-------- RECORDS SUPPLIED

Lemma transferE (g h : T * T) : transfer g h = \sum_x incid x g * potential h x.
Proof.
by apply: eq_bigr => x _; rewrite /potential mulr_sumr; apply: eq_bigr => y _; rewrite mulrA.
Qed.

Lemma transfer_unit_flow (h : T * T) : is_unit_flow h (transfer ^~ h).
Proof.
move=> z; under eq_bigr do rewrite transferE mulr_sumr.
rewrite exchange_big /=.
transitivity (\sum_x (lapJ z x - 1) * potential h x).
  apply: eq_bigr => x _; rewrite /lapJ addrK mulr_suml.
  by apply: eq_bigr => g _; rewrite mulrA.
by under eq_bigr do rewrite mulrBl mul1r; rewrite sumrB lapJ_potential sum_potential subr0.
Qed.

Lemma sum_transfer_unit_flow (h k : T * T) (f : T * T -> rat) : is_unit_flow h f ->
  \sum_(g | oriented_edge g) transfer g k * f g = transfer h k.
Proof.
move=> f_flow; rewrite transferE; under eq_bigr do rewrite transferE mulr_suml.
rewrite exchange_big /=; apply: eq_bigr => x _.
by rewrite -f_flow mulr_suml; apply: eq_bigr => g _; rewrite mulrAC.
Qed.

(* Thomson's principle. *)
Lemma transfer_le_energy (h : T * T) (f : T * T -> rat) : is_unit_flow h f ->
  transfer h h <= \sum_(g | oriented_edge g) f g ^+ 2.
Proof.
move=> f_flow.
have cross := sum_transfer_unit_flow h f_flow.
have self := sum_transfer_unit_flow h (transfer_unit_flow h).
have : 0 <= \sum_(g | oriented_edge g) (f g - transfer g h) ^+ 2.
  by apply: sumr_ge0 => g _; apply: sqr_ge0.
have -> : \sum_(g | oriented_edge g) (f g - transfer g h) ^+ 2 =
    \sum_(g | oriented_edge g) f g ^+ 2
    - 2 * \sum_(g | oriented_edge g) transfer g h * f g
    + \sum_(g | oriented_edge g) transfer g h * transfer g h.
  by rewrite mulr_sumr -sumrB -big_split /=; apply: eq_bigr => g _; ring.
by rewrite cross self; lra.
Qed.

(* Foster's theorem. *)
Lemma sum_transfer_diag : (0 < #|T|)%N ->
  \sum_(h | oriented_edge h) transfer h h = #|T|%:R - 1.
Proof.
move=> T_gt0.
transitivity (\sum_x \sum_y green x y * (lapJ y x - 1)).
  rewrite /transfer exchange_big /=; apply: eq_bigr => x _.
  rewrite exchange_big /=; apply: eq_bigr => y _.
  by rewrite /lapJ addrK mulr_sumr; apply: eq_bigr => g _; ring.
have row x : \sum_y green x y * (lapJ y x - 1) = 1 - #|T|%:R^-1.
  by under eq_bigr do rewrite mulrBr mulr1; rewrite sumrB green_lapJ eqxx green_row_sum.
under eq_bigr do rewrite row.
rewrite sumrB sumr_const; congr (_ - _).
by rewrite sumr_const -[_ *+ _]mulr_natr mulVf // pnatr_eq0 -lt0n.
Qed.

End Resistance.
End Network.

Section UndirectedSteps.

Variable T : eqType.

Definition uedge_neq (st st' : T * T) : bool :=
  (st != st') && (st != (st'.2, st'.1)).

----------------

→ EXERCISE INSTRUCTIONS:
All lines in the data above from the one with "by rewrite cross self; lra." through the one with "Section UndirectedSteps." must be repeated exactly, and no others.

→ RESPONSE TO THIS EXERCISE:
by rewrite cross self; lra.
Qed.

(* Foster's theorem. *)
Lemma sum_transfer_diag : (0 < #|T|)%N ->
  \sum_(h | oriented_edge h) transfer h h = #|T|%:R - 1.
Proof.
move=> T_gt0.
transitivity (\sum_x \sum_y green x y * (lapJ y x - 1)).
  rewrite /transfer exchange_big /=; apply: eq_bigr => x _.
  rewrite exchange_big /=; apply: eq_bigr => y _.
  by rewrite /lapJ addrK mulr_sumr; apply: eq_bigr => g _; ring.
have row x : \sum_y green x y * (lapJ y x - 1) = 1 - #|T|%:R^-1.
  by under eq_bigr do rewrite mulrBr mulr1; rewrite sumrB green_lapJ eqxx green_row_sum.
under eq_bigr do rewrite row.
rewrite sumrB sumr_const; congr (_ - _).
by rewrite sumr_const -[_ *+ _]mulr_natr mulVf // pnatr_eq0 -lt0n.
Qed.

End Resistance.
End Network.

Section UndirectedSteps.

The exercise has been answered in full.